(Extracted records)
------------------------------------------------------------------------

(* Let $N\ge 2$ and let $p,p'$ be two paths of length $N$ with edge matrices $E$ and $E'$. Then the shapes of $p$ and $p'$ are equivalent if and only if $E'$ is obtained from $E$ by a circular shift of the columns, i.e. there is an integer $k$ such that for all $n\in\{0,\dots,N-1\}$, column $n$ of $E'$ equals column $(n+k)\bmod N$ of $E$.
   Context: A path of length $N$ is a vector $p=(p_0,\dots,p_{N-1})$ whose entries are the integers $0,\dots,N-1$ in some order; indices are cyclic, $p_N=p_0$, $s_{-1}=s_{N-1}$; $x\bmod N$ denotes the remainder in $\{0,\dots,N-1\}$. Nodes $0,\dots,N-1$ are placed at equally spaced points clockwise around a circle; the shape of $p$ is the set of chords joining node $p_n$ to node $p_{n+1}$, $n=0,\dots,N-1$. Two shapes are equivalent if some rotation of the plane about the center of the circle maps one onto the other. The path differences are $d_n=p_{n+1}-p_n$, and the steps are $s_n=d_n$ if $|d_n|<N/2$; $s_n=N/2$ if $|d_n|=N/2$; $s_n=d_n-N$ if $d_n>N/2$; $s_n=d_n+N$ if $d_n<-N/2$. The edge matrix $E=(e_{in})\in\mathbb{Z}^{2\times N}$ of $p$: for node $n$ let $k$ be the index with $p_k=n$; take $s_k$ and $-s_{k-1}$, replace each by $0$ if its absolute value equals $N/2$, and let $e_{1n}\le e_{2n}$ be these two integers sorted in nondecreasing order. *)

From mathcomp Require Import all_boot all_order all_algebra.
Set Implicit Arguments. Unset Strict Implicit. Unset Printing Implicit Defensive.
Import Order.TTheory GRing.Theory Num.Theory.
Local Open Scope ring_scope.

Definition is_path (N : nat) (p : seq nat) : bool := perm_eq p (iota 0 N).

Definition pe (N : nat) (p : seq nat) (n : nat) : nat := nth 0%N p (n %% N).

Definition pdiff (N : nat) (p : seq nat) (n : nat) : int :=
  (pe N p n.+1)%:Z - (pe N p n)%:Z.

(* steps s_n ; the test |d| = N/2 is written |d|*2 = N *)
Definition step (N : nat) (p : seq nat) (n : nat) : int :=
  let d := pdiff N p n in
  if `|d| *+ 2 < N%:Z then d
  else if `|d| *+ 2 == N%:Z then (N./2)%:Z
  else if 0 < d then d - N%:Z else d + N%:Z.

Definition zero_half (N : nat) (x : int) : int :=
  if `|x| *+ 2 == N%:Z then 0 else x.

(* column n of the edge matrix: (e_{1n}, e_{2n}) with e_{1n} <= e_{2n};
   k is the index with p_k = n, and k-1 is taken cyclically as k+N-1. *)
Definition edge_col (N : nat) (p : seq nat) (n : nat) : int * int :=
  let k := index n p in
  let a := zero_half N (step N p k) in
  let b := zero_half N (- step N p (k + N.-1)%N) in
  (Num.min a b, Num.max a b).

Definition node_rot (N : nat) (k : int) (a : nat) : nat :=
  absz ((a%:Z + k) %% N%:Z)%Z.

Definition chord (N : nat) (p : seq nat) (a b : nat) : Prop :=
  exists2 n, (n < N)%N &
    ((a == pe N p n) && (b == pe N p n.+1)) ||
    ((b == pe N p n) && (a == pe N p n.+1)).

Definition shape_equiv (N : nat) (p p' : seq nat) : Prop :=
  exists k : int, forall x y : nat,
    chord N p' x y <->
    exists a b : nat, [/\ chord N p a b, x = node_rot N k a & y = node_rot N k b].

From mathcomp Require Import all_boot all_order all_algebra zify.
Import Order.TTheory GRing.Theory Num.Theory.
Set Implicit Arguments.
Unset Strict Implicit.
Unset Printing Implicit Defensive.
Local Open Scope ring_scope.

(* Column n of an edge matrix records, as an unordered pair, the circular
   displacements from node n to its two neighbours [next p n] and [prev p n]
   along the cyclic path, a displacement of N/2 being recorded as 0.  These
   values do not change when all nodes are rotated, and a neighbour of n is
   determined by its recorded displacement.  So a circular shift of columns
   says exactly that a rotation carries the neighbours of each node of p onto
   the neighbours of the corresponding node of p'; as the shape of a path is the
   set of chords from each node to its neighbours, this is the equivalence of
   the shapes. *)

Lemma perm_minmax (disp : Order.disp_t) (T : orderType disp) (a b : T) :
  perm_eq [:: Order.min a b; Order.max a b] [:: a; b].
Proof. by case: leP => _; rewrite ?perm_refl // (perm_catC [:: b] [:: a]). Qed.

Lemma sorted_minmax (disp : Order.disp_t) (T : orderType disp) (a b : T) :
  sorted <=%O [:: Order.min a b; Order.max a b].
Proof. by case: leP => ba; rewrite /= andbT // ltW. Qed.
Lemma near_inverse_of_deriv_gt0 (f : R -> R) (x : R) :
  (forall t, derivable f t 1) -> (\forall t \near x, 0 < derive1 f t) ->
  exists2 s : R -> R, s (f x) = x &
    \forall c \near f x, f (s c) = c /\ {for c, continuous s}.
Proof.
move=> f_der /nbhs_ballP[e /= e_gt0 f'_gt0].
have f_cont : continuous f by move=> t; apply/differentiable_continuous/derivable1_diffP.
set e2 := e / 2; set I := `[x - e2, x + e2]%classic.
have e2_gt0 : 0 < e2 by rewrite divr_gt0.
have f_incr : forall s t, x - e2 <= s -> s < t -> t <= x + e2 -> f s < f t.
  apply: gtr0_derive1_incr => [t _ | t | ]; first exact: f_der.
    rewrite in_itv /= => /andP[lo_t t_hi]; apply: f'_gt0; rewrite /ball /= ltr_distlC.
    by apply/andP; split; rewrite /e2 in lo_t t_hi; lra.
  exact: continuous_subspaceT.
have f_inj : {in I &, injective f}.
  move=> s t; rewrite !inE /I /= !in_itv /= => /andP[lo_s s_hi] /andP[lo_t t_hi] fst.
  case: (ltrgtP s t) => // [st | ts].
  - by have := f_incr s t lo_s st t_hi; rewrite fst ltxx.
  - by have := f_incr t s lo_t ts s_hi; rewrite fst ltxx.
have near_I : \forall t \near x, t \in I.
  apply/nbhs_ballP; exists e2 => // t; rewrite /ball /= ltr_distlC => /andP[lo_t t_hi].
  by rewrite inE /I /= in_itv /=; apply/andP; split; lra.
have f_can : {near x, cancel f (pinv I f)} by apply: filterS near_I; exact: pinvKV.
have f_cont_near : {near x, continuous f} by apply: filterE => t; exact: f_cont.
have [s_cont s_can] := near_can_continuousAcan_sym f_can f_cont_near.
exists (pinv I f); first exact: nbhs_singleton f_can.
by apply: filterS2 s_can s_cont => c; split.
Qed.

End RealLemmas.

Section LineRestriction.
Variables (R : realType) (V : normedModType R) (h : V -> R) (w : V).

Let line_quotient_eq (t : R) :
  (fun s : R => s^-1 *: (h ((s *: 1 + t) *: w) - h (t *: w)))
  = (fun s : R => s^-1 *: (h (s *: w + t *: w) - h (t *: w))).
Proof. by apply: funext => s; rewrite scalerDl [s *: 1]mulr1. Qed.

Lemma derivable_line t :
  derivable h (t *: w) w -> derivable (fun s : R => h (s *: w)) t 1.
Proof. by rewrite /derivable line_quotient_eq. Qed.

Lemma derive_line t : 'D_1 (fun s : R => h (s *: w)) t = 'D_w h (t *: w).
Proof. by rewrite /derive line_quotient_eq. Qed.

Lemma local_section (U : set V) :
  (forall x, differentiable h x) -> continuous ('D_w h) -> 0 < 'D_w h 0 ->
  nbhs 0 U ->
  exists psi : R -> V,
    \forall c \near h 0, U (psi c) /\ h (psi c) = c /\ {for c, continuous psi}.
Proof.
move=> h_diff Dh_cont Dh0_gt0 U0.
set f := fun t : R => h (t *: w).
have f_der t : derivable f t 1 by apply/derivable_line/diff_derivable.
have f'_gt0 : \forall t \near 0, 0 < derive1 f t.
  have Dh_line : {for 0, continuous (fun t : R => 'D_w h (t *: w))}.
    apply: (@continuous_comp _ _ _ (fun t : R => t *: w) ('D_w h)).
      exact: scalel_continuous.
    exact: Dh_cont.
  move: Dh_line => /cvgr_gt /(_ 0); rewrite scale0r => /(_ Dh0_gt0).
  by apply: filterS => t; rewrite derive1E derive_line.
have [s s0 near_f0] := near_inverse_of_deriv_gt0 f_der f'_gt0.
have -> : h 0 = f 0 by rewrite /f scale0r.
exists (fun c => s c *: w).
have psi_cont : \forall c \near f 0, {for c, continuous (fun c => s c *: w)}.
  apply: filterS near_f0 => c [_ s_cont].
  apply: (@continuous_comp _ _ _ s (fun t : R => t *: w)) => //.
  exact: scalel_continuous.
have psi_U : \forall c \near f 0, U (s c *: w).
  have /(_ U) := nbhs_singleton psi_cont.
  by rewrite /= s0 scale0r; apply.
by apply: (filterS3 _ _ near_f0 psi_U psi_cont) => c [fsc _] Uc psi_c.
Qed.

End LineRestriction.

Section UnitCoefficient.
Variables (R : realType) (m : nat) (a : R) (h g : 'rV[R]_m -> R).
Variable U : set 'rV[R]_m.
Local Notation reach := (reachable a 1 h g U).

Lemma reachable_move u x y x' y' : U u ->
  x' = h u * x -> y' = y + a * (x - 1) + g u * x -> reach (x, y) (x', y').
Proof.
move=> Uu -> ->; have := reachable_f_sys a 1 h g (x, y) Uu.
by rewrite /f_sys /= mul1r [a * _ + y]addrC.
Qed.

Lemma reachable_shift t p q : reach p q -> reach (p.1, p.2 + t) (q.1, q.2 + t).
Proof.
elim=> [[x y] q' [u Uu <-] | p' | p1 p2 p3 _ IH12 _ IH23].
- by apply: reachable_move Uu _ _ => //=; ring.
- exact: rt_refl.
- exact: rt_trans IH12 IH23.
Qed.

Lemma reachable_iter u n x y : U u -> exists y', reach (x, y) (h u ^+ n * x, y').
Proof.
move=> Uu; elim: n => [|n [y' IH]].
  by exists y; rewrite expr0 mul1r; exact: rt_refl.
exists (y' + a * (h u ^+ n * x - 1) + g u * (h u ^+ n * x)).
by apply: rt_trans IH (reachable_move Uu _ _); rewrite // exprS mulrA.
Qed.

Lemma reachable_scale x y r : nbhs (1 : R) (h @` U) -> 0 < r ->
  exists y', reach (x, y) (r * x, y').
Proof.
move=> hU1 r_gt0; have [n [_ [u Uu <-] <-]] := exists_root_near1 hU1 r_gt0.
exact: reachable_iter.
Qed.

Hypotheses (U0 : U 0) (h0 : h 0 = 1) (g0 : g 0 = 0).

Lemma reachable_rest n x y : reach (x, y) (x, y + n%:R * (a * (x - 1))).
Proof.
elim: n => [|n IH]; first by rewrite mul0r addr0; exact: rt_refl.
apply: rt_trans IH (reachable_move U0 _ _); first by rewrite h0 mul1r.
by rewrite g0 mul0r addr0 -natr1; ring.
Qed.

Lemma reachable_loop u v n y : U u -> U v -> h v * h u = 1 ->
  reach (1, y) (1, y + (g u + a * (h u - 1) + h u * g v) + n%:R * (a * (h u - 1))).
Proof.
move=> Uu Uv hvu.
apply: (@rt_trans _ _ _ (h u, y + g u)); first by apply: reachable_move Uu _ _; ring.
apply: rt_trans (reachable_rest n _ _) _.
by apply: reachable_move Uv _ _; [rewrite hvu | ring].
Qed.

Lemma reachable_vertical (psi : R -> 'rV[R]_m) (y D : R) : a != 0 -> continuous g ->
  (\forall c \near (1 : R), U (psi c) /\ h (psi c) = c /\ {for c, continuous psi}) ->
  reach (1, y) (1, y + D).
Proof.
move=> a_neq0 g_cont section.
have section_inv : \forall c \near (1 : R),
    U (psi c^-1) /\ h (psi c^-1) = c^-1 /\ {for c^-1, continuous psi}.
  have inv1 : (@GRing.inv R) @ (1 : R) --> (1 : R).
    by rewrite -[X in _ --> X]invr1; exact: inv_continuous (oner_neq0 R).
  exact: inv1 section.
pose G c := g (psi c) + a * (c - 1) + c * g (psi c^-1).
pose P c := [/\ U (psi c), U (psi c^-1), h (psi c) = c, h (psi c^-1) = c^-1 & c != 0].
have near_P : \forall c \near (1 : R), P c /\ {for c, continuous G}.
  apply: (filterS3 _ _ section section_inv (lt_nbhsr ltr01)).
  move=> c [Uc [hc psi_c]] [Uc' [hc' psi_cinv]] c_gt0.
  split; first by split=> //; exact: lt0r_neq0.
  have gpsi_c : {for c, continuous (g \o psi)} by exact: continuous_comp psi_c (g_cont _).
  have gpsi_cinv : {for c, continuous (fun t : R => g (psi t^-1))}.
    apply: (@continuous_comp _ _ _ (@GRing.inv R) (g \o psi) c).
      exact: inv_continuous (lt0r_neq0 c_gt0).
    exact: continuous_comp psi_cinv (g_cont _).
  apply: cvgD; first apply: cvgD gpsi_c _.
  - exact: cvgM (cvg_cst _) (cvgB cvg_id (cvg_cst _)).
  - exact: cvgM cvg_id gpsi_cinv.
have [n [c [Uu Uv hu hv c_neq0] GcD]] := ivt_with_drift D a_neq0 near_P.
have hvu : h (psi c^-1) * h (psi c) = 1 by rewrite hu hv mulVf.
have := reachable_loop n y Uu Uv hvu.
by rewrite hu -addrA GcD.
Qed.

Lemma reachable_Aff2 (psi : R -> 'rV[R]_m) : a != 0 -> continuous g ->
  (\forall c \near (1 : R), U (psi c) /\ h (psi c) = c /\ {for c, continuous psi}) ->
  forall p q, in_Aff2 p -> in_Aff2 q -> reach p q.
Proof.
move=> a_neq0 g_cont section [xp yp] [xq yq]; rewrite /in_Aff2 /= => xp_gt0 xq_gt0.
have hU1 : nbhs (1 : R) (h @` U).
  by apply: filterS section => c [Uc [hc _]]; exists (psi c).
have [y1 p_to_1] : exists y1, reach (xp, yp) (xp^-1 * xp, y1).
  by apply: reachable_scale hU1 _; rewrite invr_gt0.
rewrite mulVf ?gt_eqF // in p_to_1.
have [y2 one_to_q] := reachable_scale 1 0 hU1 xq_gt0.
have := reachable_shift (yq - y2) one_to_q.
rewrite /= add0r mulr1 [y2 + _]addrC subrK => {}one_to_q.
apply: rt_trans p_to_1 _; apply: rt_trans _ one_to_q.
by have := reachable_vertical y1 (yq - y2 - y1) a_neq0 g_cont section; rewrite addrC subrK.
Qed.

End UnitCoefficient.

Theorem theorem3p9 (R : realType) (m : nat) (a d : R)
  (h g : 'rV[R]_m -> R) (U : set 'rV[R]_m) :
  d != 0 ->
  (forall u, 0 < h u) ->
  smooth h -> smooth g ->
  h 0 = 1 -> g 0 = 0 ->
  compact U -> convex_set U -> nbhs (0 : 'rV[R]_m) U ->
  ('d h 0 : 'rV[R]_m -> R) <> (fun _ => 0) ->
  (fun v : 'rV[R]_m => - a * 'd h 0 v) <> (fun v => 'd g 0 v * (d - 1)) ->
  d = 1 ->
  controllable a d h g U.
Proof.
move=> _ h_gt0 h_smooth g_smooth h0 g0 _ _ U_nbhs0 dh0_neq0 drift_cond d1; subst d.
have a_neq0 : a != 0.
  apply/eqP => a0; apply: drift_cond; apply: funext => v.
  by rewrite a0 oppr0 mul0r subrr mulr0.
have h_diff x : differentiable h x := h_smooth [::] x.
have g_cont : continuous g := fun x => differentiable_continuous (g_smooth [::] x).
have Dh_cont w : continuous ('D_w h) :=
  fun x => differentiable_continuous (h_smooth [:: w] x).
have [w dhw_gt0] := exists_additive_gt0 dh0_neq0.
have Dwh0_gt0 : 0 < 'D_w h 0 by rewrite deriveE.
have [psi section] := local_section h_diff (Dh_cont w) Dwh0_gt0 U_nbhs0.
rewrite h0 in section.
apply: (controllable_of_reachable (nbhs_singleton U_nbhs0) h_gt0).
exact: (reachable_Aff2 (nbhs_singleton U_nbhs0) h0 g0 a_neq0 g_cont section).
Qed.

------------------------------------------------------------------------

About this task. Out of the data above, give again only the lines starting at the one holding "by apply/andP; split;" and ending at the one holding "have near_I : \forall t \near x, t \in I.", unchanged.

Answer to the problem.
    by apply/andP; split; rewrite /e2 in lo_t t_hi; lra.
  exact: continuous_subspaceT.
have f_inj : {in I &, injective f}.
  move=> s t; rewrite !inE /I /= !in_itv /= => /andP[lo_s s_hi] /andP[lo_t t_hi] fst.
  case: (ltrgtP s t) => // [st | ts].
  - by have := f_incr s t lo_s st t_hi; rewrite fst ltxx.
  - by have := f_incr t s lo_t ts s_hi; rewrite fst ltxx.
have near_I : \forall t \near x, t \in I.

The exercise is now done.